Лепехин:(рус.) Ну что же, Николай Александрович! Раз вы меня знаете – то пожалуйста, присаживайтесь…


В «библиотеку» вошёл мальчик лет десяти в белом матросском костюме и чинно устроился на табурете возле пианино. Внимательно оглядел присутствующих.


Володя Сирин: (англ.) (Лепехину) Доброе утро, сэр! (рус.) (Ордовскому-Танаевскому) Доброе утро, сударь!

Ордовский-Танаевский:(рус.) О, утро доброе, мальчик! (с насмешкой) Как это тебе удалось во мне распознать русского?

Володя Сирин: (рус.) Вы одеты как русский, а сэр одет по английски. Меня так учили распознавать людей.

Лепехин:(англ.) (подмигнув Ордовскому-Танаевскому) У вас это великолепно получилось, сэр! Вы путешествуете один!?

Володя Сирин: (англ.) Нет, сэр, я путешествую мамой и братом.

Лепехин:(англ.) А как же тот сэр, что вместе в вами сел в сейчас в поезд?

Володя Сирин: (англ.) Это мой дядя. Он едет в Брюссель. А мы едем в Париж, а потом в Италию. Хотите, я вам сыграю песню, которую он сочинил?
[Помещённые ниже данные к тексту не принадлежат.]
Lemma card_BRC_exp_bound : #|C| * L ^ k <= 2 ^ (n + k).
Proof.
have -> : #|C| * L ^ k = #|[set p : n.-tuple bool * {ffun 'I_k -> 'I_L} | p.1 \in C]|.
  rewrite (_ : [set p | _] = setX C setT); last by apply/setP => -[x r]; rewrite !inE andbT.
  by rewrite cardsX cardsT card_ffun !card_ord.
rewrite -sum1_card (partition_big (fun p => signature p.1 p.2) xpredT) //=.
apply: (@leq_trans (\sum_(z : {ffun 'I_k -> L.-tuple bool} * m.-tuple bool)
                     \prod_(i < k) rot_weight (z.1 i))).
  apply: leq_sum => z _; rewrite sum_nat_cond_const muln1.
  apply: leq_trans (card_signature_fiber z); apply: subset_leq_card.
  by apply/subsetP => p; rewrite !inE.
rewrite -(pair_bigA _ (fun (f : {ffun 'I_k -> L.-tuple bool}) (_ : m.-tuple bool) =>
  \prod_(i < k) rot_weight (f i))) /=.
rewrite (eq_bigr (fun f : {ffun 'I_k -> L.-tuple bool} =>
  2 ^ m * \prod_(i < k) rot_weight (f i))) => [|f _]; last first.
  by rewrite sum_nat_const card_tuple card_bool mulnC.
rewrite -big_distrr /= -(bigA_distr_bigA (fun _ s => rot_weight s)) /=.
apply: leq_trans (leq_mul (leqnn _) (leq_prod (fun i _ => sum_rot_weight L_ge16))) _.
by rewrite prod_nat_const card_ord -expnM -expnD n_split; apply: leq_pexp2l => //; lia.
Qed.

End Counting.

Section RealBounds.
Local Open Scope R_scope.

Lemma INR_leq (a b : nat) : (a <= b)%N -> INR a <= INR b.
Proof. by move/leP; apply: le_INR. Qed.

Lemma INR_expn a b : INR (a ^ b)%N = INR a ^ b.
Proof. by elim: b => // b IH; rewrite expnS mult_INR IH. Qed.

Lemma ln_le_ln x y : 0 < x -> x <= y -> ln x <= ln y.
Proof. by move=> x_gt0 [/(ln_increasing _ _ x_gt0)/Rlt_le|->] //; apply: Rle_refl. Qed.

Lemma ln2_lt1 : ln 2 < 1.
Proof. by rewrite -[X in _ < X]ln_exp; apply: ln_increasing; [lra | have := exp_ineq1 1; lra]. Qed.

Lemma ln2_ge_third : 1 <= 3 * ln 2.
Proof.
have -> : 3 * ln 2 = ln (2 * (2 * 2)) by rewrite !ln_mult; lra.
rewrite -[1]ln_exp; apply: ln_le_ln; [exact: exp_pos | have := exp_le_3; lra].
Qed.

Lemma ln_ge_ln16 (L : nat) : (16 <= L)%N -> 4 * ln 2 <= ln (INR L).
Proof.
move=> /INR_leq; rewrite [INR 16]/= => L_ge.
have -> : 4 * ln 2 = ln (2 * (2 * (2 * 2))) by rewrite !ln_mult; lra.
by apply: ln_le_ln; lra.
Qed.

Lemma INR2 : INR 2 = 2.
Proof. by rewrite /=; lra. Qed.
Lemma divdiff_one x n : distinct x n ->
  divdiff x n (fun _ => 1%C) = if (n =? 0)%nat then 1%C else 0%C.
Proof.
  revert x; induction n as [|n IH]; intros x Hd.
  - unfold divdiff; rewrite (Csum_skip _ _ 0 (le_n 0)), node_prod_skip by lia.
    change (1 / 1 + 0 = 1)%C; field.
  - assert (Hlast : divdiff x (S n) (fun z => (z - x (S n)) * 1)%C
                    = if (n =? 0)%nat then 1%C else 0%C)
      by (rewrite divdiff_remove by auto; apply IH, distinct_skip; auto).
    assert (Hprev : divdiff x (S n) (fun z => (z - x n) * 1)%C
                    = if (n =? 0)%nat then 1%C else 0%C)
      by (rewrite divdiff_remove by auto; apply IH, distinct_skip; auto).
    assert (E : ((x (S n) - x n) * divdiff x (S n) (fun _ => 1%C))%C = 0%C).
    { rewrite <- divdiff_scale.
      rewrite (divdiff_ext _ _ _ (fun z => (z - x n) * 1 - (z - x (S n)) * 1)%C)
        by (intros; ring).
      rewrite divdiff_sub, Hlast, Hprev; ring. }
    assert (Hnz : (x (S n) - x n)%C <> 0%C) by (apply Cminus_neq0, Hd; lia).
    replace (divdiff x (S n) (fun _ => 1%C)) with (/ (x (S n) - x n) * 0)%C
      by (rewrite <- E; field; exact Hnz).
    cbn [Nat.eqb]; ring.
Qed.

Lemma divdiff_poly_of_roots c m : forall x n, (m <= n)%nat -> distinct x n ->
  divdiff x n (poly_of_roots c m) = if (m =? n)%nat then 1%C else 0%C.
Proof.
  induction m as [|m IH]; intros x n Hmn Hd.
  - rewrite (divdiff_ext _ _ _ (fun _ => 1%C)) by reflexivity.
    rewrite divdiff_one by exact Hd; now destruct n.
  - destruct n as [|n]; [lia|].
    rewrite (divdiff_ext _ _ _ (fun z => (z - x (S n)) * poly_of_roots c m z
                                          - (c m - x (S n)) * poly_of_roots c m z)%C)
      by (intros; unfold poly_of_roots, Cprod; cbn [iter_op]; ring).
    rewrite divdiff_sub, divdiff_scale, divdiff_remove, !IH by (auto using distinct_skip; lia).
    replace (m =? S n)%nat with false by (symmetry; apply Nat.eqb_neq; lia).
    cbn [Nat.eqb]; ring.
Qed.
Не дожидаясь ответа Володя с натугой открыл крышку пианино и пробежал пальцами по клавишам. Неуверенно, сбиваясь, принялся играть романс, похожий немного на «Пастораль» Л. Бетховена.


Володя Сирин: (фр.)

Прозрачный воздух рвётся из долин

К огромному негреющему солнцу,

Висящему в небесной вышине

Расшитой птичьими стежками.

В зеркальной глади озера в лесу

Укрытой от зевак за горными хребтами,

В кружевьях белоцветных хризантем

Отражена часовня, не воспетая стихами.

Под кроной ивы, свитой из ветвей,

С шершавым огнецветьем длинных листьев,

Молился я когда-то в День Святых

Понятными лишь мне словами.

Дядя Рука, 1908 год.

Перевод коллежского асессора С. В. Чистякова


Допев романс Володя встал и поклонился, после чего опять плюхнулся на табурет. Лепехин и Ордовский-Танаевский немного вежливо поаплодировали.


Ордовский-Танаевский:(рус.) Неплохо, мальчик. Весьма неплохо. У тебя замечательные учителя.

Володя Сирин: (рус.) Сейчас у нас с братом только одна гувернантка, мадмуазель Жозефина. Она нас учит французскому и читает книжки.

Ордовский-Танаевский:(рус.) Ох уж эти француженки! (Лепехину) Вчера вот, после покупки билета на вокзале, взял «Русское слово», а там, знаете ли, объявление… Известная хиромантка, принимает ежедневно от десяти. утра до пяти дня. Сеанс три рубля. И адрес в нескольких домах от вокзала. Прислуга сначала отказала… Мол, дескать, госпожа больна и не принимает. Но потом доложила, что приезжий, издалека, в генеральской форме… Я как раз был в форменном платье. Вышла особа лет пятидесяти. Вся закутанная в шаль. Попросила не смеяться… И вообще не мешать. Исследовала тщательно руки, голову, уши, глаза. Видимо заинтересовалась… Прошлое описала подробно, перечислив все болезни. Настоящее ещё подробнее… А про будущее вот что сказала…


В «библиотеку» вошла высокая стройная молодая дама в коричневом платье с свободно накинутым чёрным боа под широкополой коричневой шляпой с вуалеткой и с большим блокнотом в руках. Немного наклонив голову, встретившись глазами с Лепехиным, демонстративно развернулась и села в кресло, пристально смотря через витрину перегородки в зал «ресторации». Раскрыла блокнот и принялась быстрыми уверенными штрихами зарисовывать интерьер и накрывающего на столы завтрак официанта. Володя подошёл сзади и заинтересованно уставился в блокнот.


Ордовский-Танаевский:(рус.) Что судьба моя решится в ближайшие два дня. Что в судьбу мою вмешаются три важные особы, из которых я знаю двух, и что третьей будет дама… И вот сегодня я уже встретил двух знакомых мне людей… Это вы, ваше сиятельство, и едущий с нами в одном вагоне князь Гагарин, которого, как говорят, Сенат весной отлучил от права заведовать созданным им Политехническим институтом… Видел, как он садился с интересной дамой в состав с большим багажом. Спросил его вежливо, надолго ли уезжает, так он ответил, что, может быть, навсегда… Теперь вот меня не оставляет беспокойство… А вдруг гадалка права и меня ждёт перелом в жизни?